Seeing the Unseen

Predicting Brain Stroke in a Patient

Setup

Code

if (!require("pacman")) 
  install.packages("pacman")

pacman::p_load(here,dplyr)

Objective

The central objective of this project is to evaluate the accuracy of various prediction models, shedding light on their effectiveness in early stroke detection, which could significantly impact patient outcomes and healthcare resource allocation.

Dataset

Code

brain_stroke <- read.csv(here("data","brain_stroke.csv"))

The Brain Stroke Dataset is taken from Kaggle datasets and consists of 4982 rows and 11 columns. This dataset provides a substantial pool of patient records and attributes for analysis. Our motivation for this project is rooted in the pressing need to enhance early stroke detection and risk assessment, two critical factors directly impacting patient care and stroke prevention strategies.

Attribute Information

Column	Data Type	Description
Gender	`character`	“Male”, “Female” or “Other”
Age	`integer`	Age of the patient
Hypertension	`boolean`	0 if the patient doesn’t have hypertension, 1 if the patient has hypertension
Ever-married	`character`	“No” or “Yes”
Work Type	`character`	“Children”, “Govt. job”, “Never worked”, “Private” or “Self-employed”
Residence type	`character`	“Rural” or “Urban”
Avg glucose level	`numeric`	Average glucose level in blood
BMI	`numeric`	Body mass index
Smoking status	`character`	“formerly smoked”, “never smoked”, “smokes” or “Unknown”
Stroke	`boolean`	1 if the patient had a stroke or 0 if not

Why we chose this dataset?

We selected the “Brain Stroke Dataset” for its comprehensiveness and relevance to stroke prediction. The 11 columns encompass essential patient information, including demographic details, medical history, lifestyle factors, and the presence or absence of stroke. By harnessing the insights from this dataset, we aim to create a predictive model to accurately classify whether an individual is at a high risk of brain stroke, ultimately enabling timely interventions and tailored preventive measures.

Approach

We will consider the attributes for analysis and perform Exploratory Data Analysis to identify the general patterns in the dataset.
Develop classification models using K-Nearest Neighbors, Random Forest and Decision Tree and pick the best model in identifying the early stage risk of brain stroke in a patient.
Using the best model, we will check the significance of each attribute in classifying the risk level of a patient.

Questions

1) How accurate are various prediction models for detecting a stroke in a patient?
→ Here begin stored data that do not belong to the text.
(* Let $p\ge2$ and $n,\ell,t$ be positive integers with $n>\ell$. For each $0\le r\le n-\ell$ let $\xi_r$ be a prime with $\max(t,r)<\xi_r\le2\max(t,r)$, and let $\mathbf{a}_r^*\in\{0,\dots,\xi_r-1\}^t$ maximize $|\mathcal{C}_{p,t,\ell}(n-\ell,r,\mathbf{a},\xi_r)|$ over $\mathbf{a}\in\{0,\dots,\xi_r-1\}^t$. Define $$\mathcal{C}^1=\bigl\{\phi^{-1}(\mathbf{y},\mathbf{z}):\ \mathbf{y}\in\mathbb{Z}_p^\ell,\ \mathbf{z}\in\mathcal{C}_{p,t,\ell}(n-\ell,r,\mathbf{a}_r^*,\xi_r)\text{ where }r=\mathrm{wt}_H(\mathbf{z})\bigr\}.$$ Then $$|\mathcal{C}^1|\ge p^\ell\sum_{r=0}^{n-\ell}\frac{\binom{n-\ell}{r}(p-1)^r}{(2\max(t,r))^t}.$$
   Context: $\mathbb{Z}_p=\{0,1,\dots,p-1\}$ with arithmetic mod $p$. The bijection $\phi:\mathbb{Z}_p^n\to\mathbb{Z}_p^\ell\times\mathbb{Z}_p^{n-\ell}$ is $\phi(\mathbf{x})=(\mathbf{y},\mathbf{z})$ with $\mathbf{y}=(x_1,\dots,x_\ell)$ and $z_i=x_{i+\ell}-x_i$ for $1\le i\le n-\ell$. Any $\mathbf{z}\in\mathbb{Z}_p^m$ of Hamming weight $r$ is written uniquely as $\mathbf{z}=0^{b_1}u_10^{b_2}u_2\cdots u_r0^{b_{r+1}}$ with $u_i\ne0$, $b_i\ge0$. For a prime $\xi$ and $\mathbf{a}\in\{0,\dots,\xi-1\}^t$, $$\mathcal{C}_{p,t,\ell}(m,r,\mathbf{a},\xi)=\Bigl\{\mathbf{z}\in\mathbb{Z}_p^m:\ \mathrm{wt}_H(\mathbf{z})=r,\ \sum_{i=1}^{r+1}i^q\Bigl\lfloor\frac{b_i}{\ell}\Bigr\rfloor\equiv a_q\pmod{\xi}\ \forall\,1\le q\le t\Bigr\}.$$ *)

From HB Require Import structures.
From mathcomp Require Import all_boot all_order all_algebra.
From mathcomp Require Import zify.
Set Implicit Arguments. Unset Strict Implicit. Unset Printing Implicit Defensive.
Import Order.TTheory GRing.Theory Num.Theory.

(* Z_p is 'Z_p (valid since p >= 2 is assumed in the theorem). *)

Definition wtH (p m : nat) (z : {ffun 'I_m -> 'Z_p}) : nat :=
  #|[set i | z i != 0%R]|.

(* Zero runs: for a sequence z = 0^{b_1} u_1 0^{b_2} ... u_r 0^{b_{r+1}}
   (u_i <> 0), zruns z = [:: b_1; ...; b_{r+1}]. *)
Fixpoint zruns (s : seq nat) : seq nat :=
  match s with
  | [::] => [:: 0]
  | x :: s' => let r := zruns s' in
               if x == 0 then (head 0 r).+1 :: behead r else 0 :: r
  end.

Definition blocks (p m : nat) (z : {ffun 'I_m -> 'Z_p}) : seq nat :=
  zruns [seq (val (z i)) | i <- enum 'I_m].

Definition blocksum (p m l q : nat) (z : {ffun 'I_m -> 'Z_p}) : nat :=
  \sum_(i < size (blocks z)) i.+1 ^ q * (nth 0 (blocks z) i %/ l).

(* C_{p,t,l}(m, r, a, xi); a q is the q-th coordinate (1 <= q <= t). *)
Definition CC (p t l m r : nat) (a : nat -> nat) (xi : nat) :
  {set {ffun 'I_m -> 'Z_p}} :=
  [set z | (wtH z == r) &&
           [forall q : 'I_t, @blocksum p m l q.+1 z == a q.+1 %[mod xi]]].

Lemma shift_lt (n l : nat) (i : 'I_(n - l)) : i + l < n.
Proof. have := ltn_ord i; lia. Qed.

Definition phiz (p n l : nat) (x : {ffun 'I_n -> 'Z_p}) :
  {ffun 'I_(n - l) -> 'Z_p} :=
  [ffun i : 'I_(n - l) => (x (Ordinal (shift_lt i)) - x (widen_ord (leq_subr l n) i))%R].

(* C^1 = { phi^{-1}(y,z) : y arbitrary, z in C(n-l, wt z, a*_{wt z}, xi_{wt z}) },
   written as the preimage under the bijection phi. *)
Definition C1 (p n l t : nat) (xi : nat -> nat) (a : nat -> nat -> nat) :
  {set {ffun 'I_n -> 'Z_p}} :=
  [set x | let z := @phiz p n l x in
           z \in CC p t l (n - l) (wtH z) (a (wtH z)) (xi (wtH z))].
Arguments CC p t l m r a xi : clear implicits.
Arguments C1 p n l t xi a : clear implicits.

(** The difference map x |-> (y, z) is a bijection, so |C^1| is p^l times the
    number of difference vectors z lying in the code of their own weight, and
    these vectors split by weight into the codes C(n-l, r, a*_r, xi_r).  For a
    fixed weight r, the xi_r^t residue vectors of the block sums partition the
    C(n-l, r) (p-1)^r vectors of weight r into the codes C(n-l, r, a, xi_r), so
    the largest one has at least C(n-l, r) (p-1)^r / xi_r^t elements; finally
    xi_r <= 2 max(t, r). *)

From HB Require Import structures.
From mathcomp Require Import all_boot all_order all_algebra zify.

Set Implicit Arguments.
Unset Strict Implicit.
Unset Printing Implicit Defensive.

Import Order.TTheory GRing.Theory Num.Theory.

Lemma card_Zp_gt1 (p : nat) : 1 < p -> #|'Z_p| = p.
Proof. by move=> p_gt1; rewrite card_ord Zp_cast. Qed.

Lemma card_ffun_support_eq (aT rT : finType) (y0 : rT) (A : {set aT}) :
  #|[set f : {ffun aT -> rT} | [set x | f x != y0] == A]| = #|rT|.-1 ^ #|A|.
Proof.
have card_neq : #|[pred y | y != y0]| = #|rT|.-1.
  by rewrite -(cardC1 y0) /=; apply: eq_card => y; rewrite !inE.
rewrite -card_neq -(card_pffun_on y0); apply: eq_card => f; rewrite !inE.
apply/eqP/pffun_onP => [<- | [/supportP f0 fA]].
  split; first by apply/subsetP => x; rewrite !inE.
  by move=> _ /imageP [x + ->]; rewrite !inE.
apply/setP => x; rewrite inE.
have [xA | xNA] := boolP (x \in A); first by apply: fA; apply/imageP; exists x.
by rewrite f0 // eqxx.
Qed.

Lemma card_wtH (p m r : nat) : 1 < p ->
  #|[set z : {ffun 'I_m -> 'Z_p} | wtH z == r]| = 'C(m, r) * (p - 1) ^ r.
Proof.
move=> p_gt1; rewrite -sum1_card.
rewrite (partition_big (fun z : {ffun 'I_m -> 'Z_p} => [set i | z i != 0%R])
           (fun A : {set 'I_m} => #|A| == r)); last by move=> z; rewrite inE.
rewrite (eq_bigr (fun _ => (p - 1) ^ r)) => [|A /eqP <-].
  rewrite sum_nat_const -[m in 'C(m, r)]card_ord -card_draws.
  by congr (_ * _); apply: eq_card => A; rewrite inE.
rewrite -[in RHS](card_Zp_gt1 p_gt1) subn1 -(card_ffun_support_eq 0%R) sum1dep_card.
by apply: eq_card => z; rewrite !inE /wtH andb_idl // => /eqP ->.
Qed.

Lemma card_le_fibers (T K : finType) (A : {set T}) (f : T -> K) (M : nat) :
  (forall k, #|[set x in A | f x == k]| <= M) -> #|A| <= #|K| * M.
Proof.
move=> fiberM; rewrite -sum1_card (partition_big f xpredT) //= -sum_nat_const.
apply: leq_sum => k _; rewrite sum1dep_card.
by apply: leq_trans (fiberM k); apply/subset_leq_card/subsetP => x; rewrite !inE.
Qed.

Section ResidueClasses.

Variables (p t l m xi : nat).
Hypothesis xi_gt0 : 0 < xi.

Definition block_residues (z : {ffun 'I_m -> 'Z_p}) : {ffun 'I_t -> 'I_xi} :=
  [ffun q : 'I_t => Ordinal (ltn_pmod (blocksum l q.+1 z) xi_gt0)].

(* The parameter vector of [CC] is indexed from 1. *)
Definition residues_param (g : {ffun 'I_t -> 'I_xi}) (q : nat) : nat :=
  if insub q.-1 is Some i then val (g i) else 0.

Lemma residues_param_lt g q : residues_param g q < xi.
Proof. by rewrite /residues_param; case: insub => [i|] //; apply: ltn_ord. Qed.

Lemma block_residues_fiber_sub r g :
  [set z in [set z | wtH z == r] | block_residues z == g]
    \subset CC p t l m r (residues_param g) xi.
Proof.
apply/subsetP => z; rewrite !inE => /andP [-> /eqP <-] /=.
by apply/forallP => q; rewrite /residues_param /= valK ffunE /= modn_mod.
Qed.

Lemma card_wtH_le_max_CC r (a : nat -> nat) :
  (forall a' : nat -> nat, (forall q, 1 <= q <= t -> a' q < xi) ->
     #|CC p t l m r a' xi| <= #|CC p t l m r a xi|) ->
  #|[set z : {ffun 'I_m -> 'Z_p} | wtH z == r]| <= xi ^ t * #|CC p t l m r a xi|.
Proof.
have -> : xi ^ t = #|{ffun 'I_t -> 'I_xi}| by rewrite card_ffun !card_ord.
move=> a_max.
apply: (card_le_fibers (f := block_residues)) => g.
apply: leq_trans (a_max _ (fun q _ => residues_param_lt g q)).
exact/subset_leq_card/block_residues_fiber_sub.
Qed.

End ResidueClasses.

Lemma card_CC_own_weight (p t l m : nat) (xi : nat -> nat) (a : nat -> nat -> nat) :
  #|[set z : {ffun 'I_m -> 'Z_p} | z \in CC p t l m (wtH z) (a (wtH z)) (xi (wtH z))]|
    = \sum_(r < m.+1) #|CC p t l m r (a r) (xi r)|.
Proof.
have wtH_lt (z : {ffun 'I_m -> 'Z_p}) : wtH z < m.+1.
  by rewrite ltnS /wtH -[m in _ <= m]card_ord max_card.
rewrite -sum1_card (partition_big (fun z => Ordinal (wtH_lt z)) xpredT) //=.
apply: eq_bigr => r _; rewrite sum1dep_card; apply: eq_card => z; rewrite !inE.
rewrite -val_eqE /=.
by have [-> | _] := eqVneq (wtH z) r; rewrite ?eqxx ?andbT ?andbF.
Qed.

Section DifferenceMap.

Variables (p n l : nat).
Hypotheses (p_gt1 : 1 < p) (l_gt0 : 0 < l) (l_le_n : l <= n).

Definition phiy (x : {ffun 'I_n -> 'Z_p}) : {ffun 'I_l -> 'Z_p} :=
  [ffun i => x (widen_ord l_le_n i)].

Definition phi (x : {ffun 'I_n -> 'Z_p}) := (phiy x, phiz l x).

(* For k >= l, x_k is recovered from x_(k-l) and z_(k-l). *)
Lemma phi_inj : injective phi.
Proof.
move=> x x' [/ffunP eq_y /ffunP eq_z]; apply/ffunP => -[k].
elim/ltn_ind: k => k IHk k_lt_n.
have [k_lt_l | l_le_k] := ltnP k l.
  have := eq_y (Ordinal k_lt_l); rewrite !ffunE.
  by have -> : widen_ord l_le_n (Ordinal k_lt_l) = Ordinal k_lt_n by apply: val_inj.
have j_lt : k - l < n - l by lia.
have := eq_z (Ordinal j_lt); rewrite !ffunE.
have -> : Ordinal (shift_lt (Ordinal j_lt)) = Ordinal k_lt_n.
  by apply: val_inj => /=; lia.
have j_lt_n : k - l < n by lia.
have -> : widen_ord (leq_subr l n) (Ordinal j_lt) = Ordinal j_lt_n by apply: val_inj.
by rewrite (IHk (k - l)); [exact: addIr | lia].
Qed.

Lemma phi_bij : bijective phi.
Proof.
apply: (inj_card_bij phi_inj).
by rewrite card_prod !card_ffun !card_Zp_gt1 // !card_ord -expnD subnKC.
Qed.

Lemma card_preim_phiz (S : {set {ffun 'I_(n - l) -> 'Z_p}}) :
  #|phiz l @^-1: S| = p ^ l * #|S|.
Proof.
have -> : phiz l @^-1: S = phi @^-1: setX setT S.
  by apply/setP => x; rewrite !inE.
rewrite on_card_preimset; last exact: onW_bij phi_bij.
by rewrite cardsX cardsT card_ffun card_Zp_gt1 // card_ord.
Qed.

End DifferenceMap.

Lemma card_C1 (p n l t : nat) (xi : nat -> nat) (a : nat -> nat -> nat) :
  1 < p -> 0 < l -> l <= n ->
  #|C1 p n l t xi a| = p ^ l * \sum_(r < (n - l).+1) #|CC p t l (n - l) r (a r) (xi r)|.
Proof.
move=> p_gt1 l_gt0 l_le_n.
rewrite -card_CC_own_weight -(card_preim_phiz p_gt1 l_gt0 l_le_n).
by apply: eq_card => x; rewrite inE [in RHS]inE [in RHS]in_set.
Qed.

Theorem lemma5 (p n l t : nat) (xi : nat -> nat) (a : nat -> nat -> nat) :
  2 <= p -> 0 < n -> 0 < l -> 0 < t -> l < n ->
  (forall r, r <= n - l ->
     prime (xi r) /\ maxn t r < xi r <= 2 * maxn t r) ->
  (forall r, r <= n - l ->
     (forall q, 1 <= q <= t -> a r q < xi r) /\
     (forall a' : nat -> nat, (forall q, 1 <= q <= t -> a' q < xi r) ->
        #|CC p t l (n - l) r a' (xi r)| <= #|CC p t l (n - l) r (a r) (xi r)|)) ->
  ((p ^ l)%:R * \sum_(0 <= r < (n - l).+1)
       ('C(n - l, r) * (p - 1) ^ r)%:R / ((2 * maxn t r) ^ t)%:R
    <= (#|C1 p n l t xi a|)%:R :> rat)%R.
Proof.
move=> p_gt1 _ l_gt0 t_gt0 l_lt_n xi_bounds a_max.
rewrite (card_C1 t xi a p_gt1 l_gt0 (ltnW l_lt_n)) natrM natr_sum big_mkord.
apply: ler_wpM2l => //; apply: ler_sum => -[r /=]; rewrite ltnS => r_le _.
(* Only 0 < xi r <= 2 max(t, r) is used, not the primality of xi r. *)
have [_ /andP [max_lt_xi xi_le]] := xi_bounds r r_le.
have xi_gt0 : 0 < xi r by apply: leq_ltn_trans max_lt_xi.
rewrite ler_pdivrMr ?ltr0n ?expn_gt0 ?(leq_trans xi_gt0) // -natrM ler_nat.
rewrite -card_wtH // mulnC.
apply: leq_trans (card_wtH_le_max_CC xi_gt0 (a_max r r_le).2) _.
by rewrite leq_mul2r leq_exp2r ?xi_le ?orbT.
Qed.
2) How are certain lifestyle changes ranked on the basis of their importance in reducing the possibility of a stroke?

Analysis plan

Question 1 -

Data Pruning and Cleaning
- Implement various Imputation techniques to replace NA values
- Possibly remove various NA values
- Prune data values that are not needed
Exploratory Data Analysis
- Summary statistics of the data
- Create simple graphs such as box plot and histograms
Create Visualizations
- Visualize various variables that could affect brain strokes such as age, heart disease, avg glucose level, hypertension and smoking status
Prediction Model Algorithms
- K-Nearest Neighbors Model implementation
- Random Forest Model implementation
- Decision Tree Model implementation
- Other models if need
Evaluations and Results
- Compare F1 score, Accuracy, Precision and Recall between the models
- Compare error metrics between models to determine which had the best performance
- Choose overall best model and give explanation as to why this model worked the best

Question 2 -

Pick the overall best model from the first question
Calculate performance metrics like F1 score, accuracy, precision and recall excluding each attribute one at a time
Based on the above results estimate how significant each attribute and estimate the ranking order

Plan of Attack

Week	Weekly Tasks	Team members involved
Till November 8^th	Explore the dataset and the problem statement	Everyone
-	Complete the proposal	Everyone
Nov. 9^th - 14^th	Exploratory Data Analysis	Abhishek, Shreya
-	Data cleaning and Data pre-processing based on EDA	Daniel, Ram
Nov. 15^th - 21^st	Data Visualization	Kashyap, Daniel
-	Training and Testing	Abhishek, Shreya
Nov. 22^nd - 29^th	K-Nearest Neighbors Model implementation	Kashyap, Ram
-	Random Forest Model implementation	Daniel, Ram
Nov. 30^th - December 7^th	Model Evaluation	Abhishek, Shreya
-	Model Comparison	Everyone
-	Finding the attribute significance	Kashyap, Ram
Dec. 8^th - 11^th	Refining the code with comments and final changes	Everyone
-	Write-up and presentation for the project	Everyone

Repo Organization

The following are the folders involved in the Project repository.

‘data/’: Used for storing any necessary data files for the project, such as input files.
‘images/’: Used for storing image files used in the project.
‘_extra/’: Used to brainstorm our analysis which won’t impact our project workflow.
‘_freeze/’: This folder is used to store the generated files during the build process. These files represent the frozen state of the website at a specific point in time.
‘.github/’: Folder for storing github templates and workflow.